------ Entries supplied

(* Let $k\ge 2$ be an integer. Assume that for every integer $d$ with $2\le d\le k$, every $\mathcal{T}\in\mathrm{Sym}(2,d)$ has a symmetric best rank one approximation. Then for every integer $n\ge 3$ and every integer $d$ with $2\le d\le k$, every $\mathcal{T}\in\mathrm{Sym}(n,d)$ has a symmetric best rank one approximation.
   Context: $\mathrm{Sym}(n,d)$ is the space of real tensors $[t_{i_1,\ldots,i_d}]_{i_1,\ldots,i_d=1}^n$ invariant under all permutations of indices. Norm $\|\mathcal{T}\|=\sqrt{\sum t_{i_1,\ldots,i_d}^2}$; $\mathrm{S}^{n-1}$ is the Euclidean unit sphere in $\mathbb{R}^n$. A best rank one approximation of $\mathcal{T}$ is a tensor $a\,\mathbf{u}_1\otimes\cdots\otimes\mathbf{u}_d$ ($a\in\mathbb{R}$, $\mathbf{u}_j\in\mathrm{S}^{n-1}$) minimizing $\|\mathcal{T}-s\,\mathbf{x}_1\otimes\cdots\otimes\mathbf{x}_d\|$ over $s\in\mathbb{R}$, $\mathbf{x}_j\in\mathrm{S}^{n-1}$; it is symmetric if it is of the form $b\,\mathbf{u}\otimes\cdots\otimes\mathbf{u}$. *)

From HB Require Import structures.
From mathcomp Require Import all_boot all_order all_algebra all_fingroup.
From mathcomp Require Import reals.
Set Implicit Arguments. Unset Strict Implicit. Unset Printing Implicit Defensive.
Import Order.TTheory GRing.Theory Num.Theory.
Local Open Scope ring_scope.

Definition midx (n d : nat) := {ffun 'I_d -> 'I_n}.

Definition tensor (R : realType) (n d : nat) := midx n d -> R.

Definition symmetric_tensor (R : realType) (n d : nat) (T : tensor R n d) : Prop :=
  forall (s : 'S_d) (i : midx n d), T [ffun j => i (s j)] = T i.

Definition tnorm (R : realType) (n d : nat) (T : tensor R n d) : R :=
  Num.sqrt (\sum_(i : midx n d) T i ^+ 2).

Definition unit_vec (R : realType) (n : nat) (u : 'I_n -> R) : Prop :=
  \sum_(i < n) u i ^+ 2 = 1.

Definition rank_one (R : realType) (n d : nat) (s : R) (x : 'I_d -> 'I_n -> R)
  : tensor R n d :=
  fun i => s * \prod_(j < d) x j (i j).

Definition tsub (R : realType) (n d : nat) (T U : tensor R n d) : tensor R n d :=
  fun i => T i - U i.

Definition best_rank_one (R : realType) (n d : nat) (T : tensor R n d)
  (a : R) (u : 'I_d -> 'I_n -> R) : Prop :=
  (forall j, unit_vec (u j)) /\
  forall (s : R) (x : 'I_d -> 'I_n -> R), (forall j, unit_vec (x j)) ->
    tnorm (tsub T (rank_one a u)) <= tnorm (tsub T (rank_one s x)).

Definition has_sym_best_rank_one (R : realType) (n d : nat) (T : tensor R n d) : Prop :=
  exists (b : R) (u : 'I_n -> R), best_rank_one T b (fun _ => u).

------------
------ Entries supplied

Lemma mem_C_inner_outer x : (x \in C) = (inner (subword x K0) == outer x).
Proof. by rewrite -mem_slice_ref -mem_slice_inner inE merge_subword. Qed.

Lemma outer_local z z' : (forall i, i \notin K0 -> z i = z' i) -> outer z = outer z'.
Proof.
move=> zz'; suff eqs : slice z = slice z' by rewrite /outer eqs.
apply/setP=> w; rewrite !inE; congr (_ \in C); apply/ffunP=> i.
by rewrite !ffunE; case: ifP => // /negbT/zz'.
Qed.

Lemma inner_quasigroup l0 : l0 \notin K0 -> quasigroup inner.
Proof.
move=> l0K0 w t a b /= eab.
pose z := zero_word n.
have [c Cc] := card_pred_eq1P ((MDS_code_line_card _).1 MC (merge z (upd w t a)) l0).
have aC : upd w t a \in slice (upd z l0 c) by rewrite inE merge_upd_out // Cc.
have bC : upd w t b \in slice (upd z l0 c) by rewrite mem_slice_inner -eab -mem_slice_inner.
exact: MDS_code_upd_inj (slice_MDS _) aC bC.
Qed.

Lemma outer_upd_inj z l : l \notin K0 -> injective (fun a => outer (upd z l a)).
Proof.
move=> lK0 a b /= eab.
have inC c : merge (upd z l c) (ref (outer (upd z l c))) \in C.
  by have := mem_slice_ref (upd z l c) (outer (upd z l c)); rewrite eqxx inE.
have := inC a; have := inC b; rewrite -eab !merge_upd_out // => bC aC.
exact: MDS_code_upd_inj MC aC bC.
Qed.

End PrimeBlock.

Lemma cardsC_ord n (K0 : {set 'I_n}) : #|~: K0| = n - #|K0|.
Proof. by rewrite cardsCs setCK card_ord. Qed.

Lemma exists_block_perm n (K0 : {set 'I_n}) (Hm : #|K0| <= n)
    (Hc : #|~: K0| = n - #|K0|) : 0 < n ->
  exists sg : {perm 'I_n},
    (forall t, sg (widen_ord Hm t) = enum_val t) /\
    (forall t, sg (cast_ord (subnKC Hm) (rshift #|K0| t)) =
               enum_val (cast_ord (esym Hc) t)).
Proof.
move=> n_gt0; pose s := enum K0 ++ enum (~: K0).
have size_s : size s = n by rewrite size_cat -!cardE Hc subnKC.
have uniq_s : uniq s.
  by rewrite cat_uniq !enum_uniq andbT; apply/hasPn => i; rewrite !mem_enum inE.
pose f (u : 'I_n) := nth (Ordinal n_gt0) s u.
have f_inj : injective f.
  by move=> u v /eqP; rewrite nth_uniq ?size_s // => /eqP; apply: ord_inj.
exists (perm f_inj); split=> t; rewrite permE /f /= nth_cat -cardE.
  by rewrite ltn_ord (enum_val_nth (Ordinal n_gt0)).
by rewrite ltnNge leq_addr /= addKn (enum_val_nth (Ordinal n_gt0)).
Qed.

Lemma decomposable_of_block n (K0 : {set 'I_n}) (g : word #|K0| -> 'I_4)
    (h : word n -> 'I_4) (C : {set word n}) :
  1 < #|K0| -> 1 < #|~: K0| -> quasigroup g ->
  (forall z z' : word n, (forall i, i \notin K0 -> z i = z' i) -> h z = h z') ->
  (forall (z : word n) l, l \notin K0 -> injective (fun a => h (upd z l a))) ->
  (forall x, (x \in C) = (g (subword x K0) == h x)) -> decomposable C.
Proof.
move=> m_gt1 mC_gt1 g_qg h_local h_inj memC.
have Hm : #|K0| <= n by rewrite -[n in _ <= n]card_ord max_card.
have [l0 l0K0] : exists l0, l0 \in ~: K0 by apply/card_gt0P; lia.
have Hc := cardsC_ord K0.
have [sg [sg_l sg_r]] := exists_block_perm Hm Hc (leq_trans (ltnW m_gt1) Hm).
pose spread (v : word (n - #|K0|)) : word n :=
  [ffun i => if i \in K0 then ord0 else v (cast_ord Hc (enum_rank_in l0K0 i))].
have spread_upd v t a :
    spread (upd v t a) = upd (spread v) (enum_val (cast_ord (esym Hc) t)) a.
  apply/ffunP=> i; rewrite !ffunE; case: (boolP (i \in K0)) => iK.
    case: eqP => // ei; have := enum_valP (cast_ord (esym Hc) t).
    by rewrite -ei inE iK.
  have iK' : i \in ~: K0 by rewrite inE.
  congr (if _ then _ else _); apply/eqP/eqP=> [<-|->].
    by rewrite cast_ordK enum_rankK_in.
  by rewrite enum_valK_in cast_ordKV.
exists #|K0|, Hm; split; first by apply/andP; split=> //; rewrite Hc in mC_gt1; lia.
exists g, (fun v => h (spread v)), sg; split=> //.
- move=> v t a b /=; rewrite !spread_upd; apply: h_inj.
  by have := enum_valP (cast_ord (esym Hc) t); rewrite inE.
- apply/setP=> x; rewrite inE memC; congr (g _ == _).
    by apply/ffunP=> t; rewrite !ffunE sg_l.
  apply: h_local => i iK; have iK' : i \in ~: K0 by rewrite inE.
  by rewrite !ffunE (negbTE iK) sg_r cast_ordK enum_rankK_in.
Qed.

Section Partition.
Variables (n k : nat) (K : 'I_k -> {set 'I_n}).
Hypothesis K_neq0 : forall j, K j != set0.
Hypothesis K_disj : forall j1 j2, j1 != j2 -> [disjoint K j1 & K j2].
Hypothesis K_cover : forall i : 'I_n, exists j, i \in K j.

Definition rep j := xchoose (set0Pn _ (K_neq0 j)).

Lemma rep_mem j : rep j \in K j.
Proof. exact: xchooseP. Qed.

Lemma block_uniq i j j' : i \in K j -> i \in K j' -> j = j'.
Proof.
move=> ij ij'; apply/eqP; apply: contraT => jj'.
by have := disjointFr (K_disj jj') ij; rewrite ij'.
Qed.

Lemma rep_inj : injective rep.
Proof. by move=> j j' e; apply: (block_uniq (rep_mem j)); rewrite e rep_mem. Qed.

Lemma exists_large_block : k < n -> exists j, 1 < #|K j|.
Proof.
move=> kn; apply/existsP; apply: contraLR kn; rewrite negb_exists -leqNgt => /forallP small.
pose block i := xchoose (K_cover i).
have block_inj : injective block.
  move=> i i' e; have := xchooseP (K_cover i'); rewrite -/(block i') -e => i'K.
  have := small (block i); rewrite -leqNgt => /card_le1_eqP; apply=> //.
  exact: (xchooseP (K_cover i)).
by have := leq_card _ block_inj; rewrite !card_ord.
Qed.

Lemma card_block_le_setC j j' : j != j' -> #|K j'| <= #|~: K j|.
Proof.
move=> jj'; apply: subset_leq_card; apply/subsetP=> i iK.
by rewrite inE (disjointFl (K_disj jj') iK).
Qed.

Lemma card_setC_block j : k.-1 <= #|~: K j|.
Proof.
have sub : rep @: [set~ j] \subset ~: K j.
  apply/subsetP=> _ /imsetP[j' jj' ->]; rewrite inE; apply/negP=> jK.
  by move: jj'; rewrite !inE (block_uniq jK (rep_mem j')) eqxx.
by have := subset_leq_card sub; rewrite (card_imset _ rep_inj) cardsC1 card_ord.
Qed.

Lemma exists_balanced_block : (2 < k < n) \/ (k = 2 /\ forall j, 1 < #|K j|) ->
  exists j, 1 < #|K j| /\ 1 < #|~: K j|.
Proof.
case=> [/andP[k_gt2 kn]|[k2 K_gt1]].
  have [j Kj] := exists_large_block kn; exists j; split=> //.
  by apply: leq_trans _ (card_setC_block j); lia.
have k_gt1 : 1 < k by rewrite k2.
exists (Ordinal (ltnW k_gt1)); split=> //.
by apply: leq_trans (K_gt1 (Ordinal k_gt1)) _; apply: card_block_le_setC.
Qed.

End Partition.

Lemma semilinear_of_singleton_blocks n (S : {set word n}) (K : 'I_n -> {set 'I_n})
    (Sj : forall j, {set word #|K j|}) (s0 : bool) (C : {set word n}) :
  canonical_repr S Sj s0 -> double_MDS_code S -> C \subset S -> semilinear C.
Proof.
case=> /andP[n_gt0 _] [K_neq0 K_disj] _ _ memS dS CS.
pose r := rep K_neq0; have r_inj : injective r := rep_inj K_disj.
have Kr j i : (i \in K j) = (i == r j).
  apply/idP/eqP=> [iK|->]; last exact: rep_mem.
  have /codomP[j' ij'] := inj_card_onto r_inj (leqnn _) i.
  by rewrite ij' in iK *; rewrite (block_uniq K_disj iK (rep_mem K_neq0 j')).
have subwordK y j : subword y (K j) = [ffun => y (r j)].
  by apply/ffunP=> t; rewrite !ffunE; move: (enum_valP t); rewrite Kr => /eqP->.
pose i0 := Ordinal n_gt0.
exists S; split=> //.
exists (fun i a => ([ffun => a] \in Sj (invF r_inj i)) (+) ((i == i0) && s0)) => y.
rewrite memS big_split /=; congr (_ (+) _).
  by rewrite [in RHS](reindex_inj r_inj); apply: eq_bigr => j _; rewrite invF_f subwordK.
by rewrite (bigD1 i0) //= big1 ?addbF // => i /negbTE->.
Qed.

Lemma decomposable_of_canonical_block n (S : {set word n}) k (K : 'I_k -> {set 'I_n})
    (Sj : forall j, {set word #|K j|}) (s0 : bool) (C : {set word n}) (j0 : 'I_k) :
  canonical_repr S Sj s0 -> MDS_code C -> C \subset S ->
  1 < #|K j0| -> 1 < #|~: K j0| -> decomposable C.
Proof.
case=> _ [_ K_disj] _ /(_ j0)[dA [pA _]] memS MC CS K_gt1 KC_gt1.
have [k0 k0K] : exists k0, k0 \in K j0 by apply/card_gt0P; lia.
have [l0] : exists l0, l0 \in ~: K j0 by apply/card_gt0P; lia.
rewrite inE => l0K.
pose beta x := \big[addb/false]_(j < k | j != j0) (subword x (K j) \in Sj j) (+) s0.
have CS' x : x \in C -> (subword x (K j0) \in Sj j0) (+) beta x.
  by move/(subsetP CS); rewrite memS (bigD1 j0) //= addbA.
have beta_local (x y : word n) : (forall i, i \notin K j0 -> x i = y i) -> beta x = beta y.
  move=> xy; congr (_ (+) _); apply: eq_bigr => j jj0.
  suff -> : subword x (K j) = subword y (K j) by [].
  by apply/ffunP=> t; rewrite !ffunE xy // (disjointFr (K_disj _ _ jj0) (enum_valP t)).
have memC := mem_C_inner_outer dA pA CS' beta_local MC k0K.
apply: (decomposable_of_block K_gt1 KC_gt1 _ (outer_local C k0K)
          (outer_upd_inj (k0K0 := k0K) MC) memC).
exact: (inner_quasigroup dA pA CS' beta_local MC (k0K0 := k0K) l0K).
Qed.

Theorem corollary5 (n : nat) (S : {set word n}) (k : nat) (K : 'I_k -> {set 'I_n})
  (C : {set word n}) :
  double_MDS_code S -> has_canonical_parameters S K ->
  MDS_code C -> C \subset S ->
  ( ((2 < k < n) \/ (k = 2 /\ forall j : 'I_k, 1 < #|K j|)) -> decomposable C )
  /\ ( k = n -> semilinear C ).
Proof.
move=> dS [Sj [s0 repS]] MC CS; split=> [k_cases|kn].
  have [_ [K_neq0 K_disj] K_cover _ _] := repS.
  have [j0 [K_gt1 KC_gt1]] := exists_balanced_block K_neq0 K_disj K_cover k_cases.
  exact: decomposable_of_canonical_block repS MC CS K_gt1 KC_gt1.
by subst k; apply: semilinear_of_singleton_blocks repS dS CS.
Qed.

------------

When you reach the line with "(forall j, unit_vec (u j)) /\" in the records above, start writing out lines exactly, and stop once the line with "exists (b : R)" has been written; include nothing else.

  (forall j, unit_vec (u j)) /\
  forall (s : R) (x : 'I_d -> 'I_n -> R), (forall j, unit_vec (x j)) ->
    tnorm (tsub T (rank_one a u)) <= tnorm (tsub T (rank_one s x)).

Definition has_sym_best_rank_one (R : realType) (n d : nat) (T : tensor R n d) : Prop :=
  exists (b : R) (u : 'I_n -> R), best_rank_one T b (fun _ => u).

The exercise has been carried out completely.